▶ WHAT YOU ARE ASKED TO DO
Scan the entries that follow and work out how many lines contain "Import". Give the number and nothing else.

▶ SUPPLIED MATERIAL
☆ ☆ ☆ ☆ ☆

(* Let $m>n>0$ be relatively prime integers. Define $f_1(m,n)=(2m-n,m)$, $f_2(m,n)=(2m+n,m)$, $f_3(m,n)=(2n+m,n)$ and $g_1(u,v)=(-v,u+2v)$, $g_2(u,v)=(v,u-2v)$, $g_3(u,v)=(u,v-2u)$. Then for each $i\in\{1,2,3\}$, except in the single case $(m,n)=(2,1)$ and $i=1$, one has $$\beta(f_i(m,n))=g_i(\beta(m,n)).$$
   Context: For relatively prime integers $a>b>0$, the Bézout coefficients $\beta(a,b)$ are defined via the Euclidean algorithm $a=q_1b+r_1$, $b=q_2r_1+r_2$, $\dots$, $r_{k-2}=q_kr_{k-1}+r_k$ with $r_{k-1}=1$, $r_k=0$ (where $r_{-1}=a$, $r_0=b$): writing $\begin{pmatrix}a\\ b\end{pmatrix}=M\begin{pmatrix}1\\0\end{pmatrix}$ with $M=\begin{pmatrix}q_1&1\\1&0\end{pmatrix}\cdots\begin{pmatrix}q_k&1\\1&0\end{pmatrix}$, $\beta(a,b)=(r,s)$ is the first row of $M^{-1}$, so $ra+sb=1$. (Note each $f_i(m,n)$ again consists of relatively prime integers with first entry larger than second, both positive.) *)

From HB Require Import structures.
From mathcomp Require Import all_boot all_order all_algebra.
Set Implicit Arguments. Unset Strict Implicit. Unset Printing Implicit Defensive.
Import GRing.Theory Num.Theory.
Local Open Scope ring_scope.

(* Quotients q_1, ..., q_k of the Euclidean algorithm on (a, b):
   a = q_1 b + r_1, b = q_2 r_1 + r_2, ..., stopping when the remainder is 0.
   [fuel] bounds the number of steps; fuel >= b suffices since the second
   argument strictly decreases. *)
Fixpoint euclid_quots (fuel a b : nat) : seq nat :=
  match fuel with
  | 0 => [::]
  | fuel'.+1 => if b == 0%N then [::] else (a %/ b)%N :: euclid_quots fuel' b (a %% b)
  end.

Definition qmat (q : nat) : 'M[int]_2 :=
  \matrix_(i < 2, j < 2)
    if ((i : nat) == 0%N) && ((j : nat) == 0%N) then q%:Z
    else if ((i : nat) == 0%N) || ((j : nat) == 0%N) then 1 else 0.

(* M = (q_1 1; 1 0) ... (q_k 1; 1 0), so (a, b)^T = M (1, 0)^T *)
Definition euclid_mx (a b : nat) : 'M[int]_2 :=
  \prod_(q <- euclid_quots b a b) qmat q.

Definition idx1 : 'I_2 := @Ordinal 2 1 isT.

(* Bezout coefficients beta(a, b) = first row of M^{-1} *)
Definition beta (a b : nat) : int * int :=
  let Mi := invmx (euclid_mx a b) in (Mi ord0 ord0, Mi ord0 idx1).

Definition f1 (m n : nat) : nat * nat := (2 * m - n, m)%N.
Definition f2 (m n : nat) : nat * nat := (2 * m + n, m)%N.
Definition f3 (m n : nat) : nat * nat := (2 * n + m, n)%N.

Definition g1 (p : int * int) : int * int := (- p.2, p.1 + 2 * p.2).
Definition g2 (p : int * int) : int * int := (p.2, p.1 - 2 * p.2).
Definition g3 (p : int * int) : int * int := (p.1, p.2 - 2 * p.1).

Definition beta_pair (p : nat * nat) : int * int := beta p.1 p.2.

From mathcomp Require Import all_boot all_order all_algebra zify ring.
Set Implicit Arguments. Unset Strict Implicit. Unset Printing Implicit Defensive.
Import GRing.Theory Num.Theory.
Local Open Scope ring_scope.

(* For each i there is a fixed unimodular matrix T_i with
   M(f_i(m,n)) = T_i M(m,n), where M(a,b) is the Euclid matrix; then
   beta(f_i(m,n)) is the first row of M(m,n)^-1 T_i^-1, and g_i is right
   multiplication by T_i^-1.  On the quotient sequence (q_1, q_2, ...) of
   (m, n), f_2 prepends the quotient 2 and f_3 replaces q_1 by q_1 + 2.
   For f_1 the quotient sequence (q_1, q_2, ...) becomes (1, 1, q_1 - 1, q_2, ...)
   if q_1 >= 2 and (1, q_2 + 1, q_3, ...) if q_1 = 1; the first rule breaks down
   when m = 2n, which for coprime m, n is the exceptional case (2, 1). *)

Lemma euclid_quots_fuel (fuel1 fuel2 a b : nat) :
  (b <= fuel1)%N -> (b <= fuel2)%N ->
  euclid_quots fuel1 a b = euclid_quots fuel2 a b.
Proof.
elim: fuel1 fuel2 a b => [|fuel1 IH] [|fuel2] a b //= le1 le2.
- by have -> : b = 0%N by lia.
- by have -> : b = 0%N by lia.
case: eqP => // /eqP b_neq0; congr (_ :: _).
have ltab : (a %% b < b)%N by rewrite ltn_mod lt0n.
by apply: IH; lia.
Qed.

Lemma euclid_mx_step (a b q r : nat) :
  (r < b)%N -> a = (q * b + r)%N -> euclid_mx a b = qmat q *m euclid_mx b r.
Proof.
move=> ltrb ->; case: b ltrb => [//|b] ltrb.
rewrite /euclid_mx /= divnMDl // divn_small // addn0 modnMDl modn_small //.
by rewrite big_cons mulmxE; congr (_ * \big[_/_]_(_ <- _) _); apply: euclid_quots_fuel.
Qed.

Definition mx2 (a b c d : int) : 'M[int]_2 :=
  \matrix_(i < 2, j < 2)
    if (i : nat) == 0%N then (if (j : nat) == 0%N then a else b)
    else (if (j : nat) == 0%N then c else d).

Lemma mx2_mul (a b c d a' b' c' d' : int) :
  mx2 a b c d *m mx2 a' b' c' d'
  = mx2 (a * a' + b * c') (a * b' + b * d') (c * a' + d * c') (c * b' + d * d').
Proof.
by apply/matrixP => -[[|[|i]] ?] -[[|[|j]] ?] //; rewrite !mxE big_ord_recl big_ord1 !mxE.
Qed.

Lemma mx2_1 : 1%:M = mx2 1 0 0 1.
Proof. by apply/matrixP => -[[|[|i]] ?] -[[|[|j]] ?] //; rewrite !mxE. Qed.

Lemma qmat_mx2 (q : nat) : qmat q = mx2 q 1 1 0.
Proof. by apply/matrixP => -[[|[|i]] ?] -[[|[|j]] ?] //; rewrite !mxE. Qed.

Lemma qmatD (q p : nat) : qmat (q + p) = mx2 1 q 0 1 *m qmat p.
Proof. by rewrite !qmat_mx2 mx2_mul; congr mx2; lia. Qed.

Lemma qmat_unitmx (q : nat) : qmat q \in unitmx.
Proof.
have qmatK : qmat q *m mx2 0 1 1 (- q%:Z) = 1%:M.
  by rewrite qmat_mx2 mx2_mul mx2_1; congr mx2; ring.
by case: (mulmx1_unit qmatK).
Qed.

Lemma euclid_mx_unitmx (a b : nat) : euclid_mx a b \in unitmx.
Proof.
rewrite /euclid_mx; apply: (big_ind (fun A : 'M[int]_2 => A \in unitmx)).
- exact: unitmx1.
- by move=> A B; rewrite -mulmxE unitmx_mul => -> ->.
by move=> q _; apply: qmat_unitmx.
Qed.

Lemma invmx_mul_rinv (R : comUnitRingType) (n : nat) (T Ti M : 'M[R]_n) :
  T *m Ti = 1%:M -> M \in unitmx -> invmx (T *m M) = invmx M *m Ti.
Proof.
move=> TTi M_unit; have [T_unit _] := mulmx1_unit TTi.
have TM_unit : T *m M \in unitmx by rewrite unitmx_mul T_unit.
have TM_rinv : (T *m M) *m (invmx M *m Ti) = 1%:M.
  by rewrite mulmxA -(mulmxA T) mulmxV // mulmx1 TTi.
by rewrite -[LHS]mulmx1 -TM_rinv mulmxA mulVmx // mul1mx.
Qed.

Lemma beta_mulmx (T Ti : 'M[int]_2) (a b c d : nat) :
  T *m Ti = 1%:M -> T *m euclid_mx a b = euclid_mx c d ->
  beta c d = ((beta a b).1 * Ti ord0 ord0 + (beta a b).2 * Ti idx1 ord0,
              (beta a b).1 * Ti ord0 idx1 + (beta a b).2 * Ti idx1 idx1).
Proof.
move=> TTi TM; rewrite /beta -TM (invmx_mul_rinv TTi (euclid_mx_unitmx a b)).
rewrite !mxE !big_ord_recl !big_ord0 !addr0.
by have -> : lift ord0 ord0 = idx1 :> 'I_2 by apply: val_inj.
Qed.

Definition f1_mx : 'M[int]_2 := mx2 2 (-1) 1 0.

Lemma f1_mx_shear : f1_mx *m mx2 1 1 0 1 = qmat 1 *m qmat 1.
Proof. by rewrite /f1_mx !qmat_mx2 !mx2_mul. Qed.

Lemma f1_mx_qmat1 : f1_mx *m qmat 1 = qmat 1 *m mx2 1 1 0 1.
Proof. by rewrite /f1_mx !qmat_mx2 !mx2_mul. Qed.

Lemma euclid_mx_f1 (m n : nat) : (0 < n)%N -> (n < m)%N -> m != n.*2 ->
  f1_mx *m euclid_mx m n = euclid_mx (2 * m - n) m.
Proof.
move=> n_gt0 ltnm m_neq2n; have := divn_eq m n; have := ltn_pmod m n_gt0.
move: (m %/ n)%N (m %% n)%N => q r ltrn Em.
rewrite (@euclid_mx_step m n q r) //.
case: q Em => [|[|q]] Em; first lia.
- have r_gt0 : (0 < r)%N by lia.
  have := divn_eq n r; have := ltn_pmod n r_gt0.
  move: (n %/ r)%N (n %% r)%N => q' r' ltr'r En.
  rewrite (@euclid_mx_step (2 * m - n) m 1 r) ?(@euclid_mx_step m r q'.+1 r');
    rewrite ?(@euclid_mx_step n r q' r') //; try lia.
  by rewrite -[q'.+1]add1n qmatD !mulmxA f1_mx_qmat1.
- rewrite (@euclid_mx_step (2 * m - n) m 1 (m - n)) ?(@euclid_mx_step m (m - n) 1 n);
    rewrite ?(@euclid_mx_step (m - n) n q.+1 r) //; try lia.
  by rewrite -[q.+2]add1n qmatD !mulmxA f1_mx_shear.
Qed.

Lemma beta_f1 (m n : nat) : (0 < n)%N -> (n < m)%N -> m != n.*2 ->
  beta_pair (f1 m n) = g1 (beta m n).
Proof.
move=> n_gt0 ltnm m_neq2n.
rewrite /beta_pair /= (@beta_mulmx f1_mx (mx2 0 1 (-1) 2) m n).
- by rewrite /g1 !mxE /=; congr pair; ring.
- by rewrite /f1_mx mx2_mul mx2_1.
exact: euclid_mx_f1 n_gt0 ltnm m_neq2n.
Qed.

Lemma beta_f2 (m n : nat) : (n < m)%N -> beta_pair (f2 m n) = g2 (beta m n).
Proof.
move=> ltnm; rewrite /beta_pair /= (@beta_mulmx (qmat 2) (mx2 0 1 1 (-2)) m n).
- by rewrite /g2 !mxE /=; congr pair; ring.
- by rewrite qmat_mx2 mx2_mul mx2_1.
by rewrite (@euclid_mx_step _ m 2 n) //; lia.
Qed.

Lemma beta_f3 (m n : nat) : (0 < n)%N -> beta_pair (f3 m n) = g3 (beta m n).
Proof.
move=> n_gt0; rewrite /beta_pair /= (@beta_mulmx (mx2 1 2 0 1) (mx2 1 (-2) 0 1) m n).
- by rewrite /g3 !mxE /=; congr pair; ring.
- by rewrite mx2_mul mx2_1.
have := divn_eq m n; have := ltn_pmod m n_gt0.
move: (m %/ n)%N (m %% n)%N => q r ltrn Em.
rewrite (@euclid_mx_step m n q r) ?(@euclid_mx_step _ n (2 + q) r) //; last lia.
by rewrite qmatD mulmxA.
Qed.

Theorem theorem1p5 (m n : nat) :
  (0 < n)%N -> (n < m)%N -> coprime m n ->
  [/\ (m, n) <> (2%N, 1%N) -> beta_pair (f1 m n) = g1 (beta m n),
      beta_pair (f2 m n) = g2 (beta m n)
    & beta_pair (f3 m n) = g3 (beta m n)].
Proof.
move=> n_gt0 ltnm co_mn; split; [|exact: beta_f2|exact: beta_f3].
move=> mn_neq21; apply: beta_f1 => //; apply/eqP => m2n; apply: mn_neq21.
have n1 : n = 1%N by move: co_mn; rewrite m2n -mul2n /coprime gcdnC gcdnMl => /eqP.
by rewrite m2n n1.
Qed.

☆ ☆ ☆ ☆ ☆

▶ EXPECTED ANSWER
5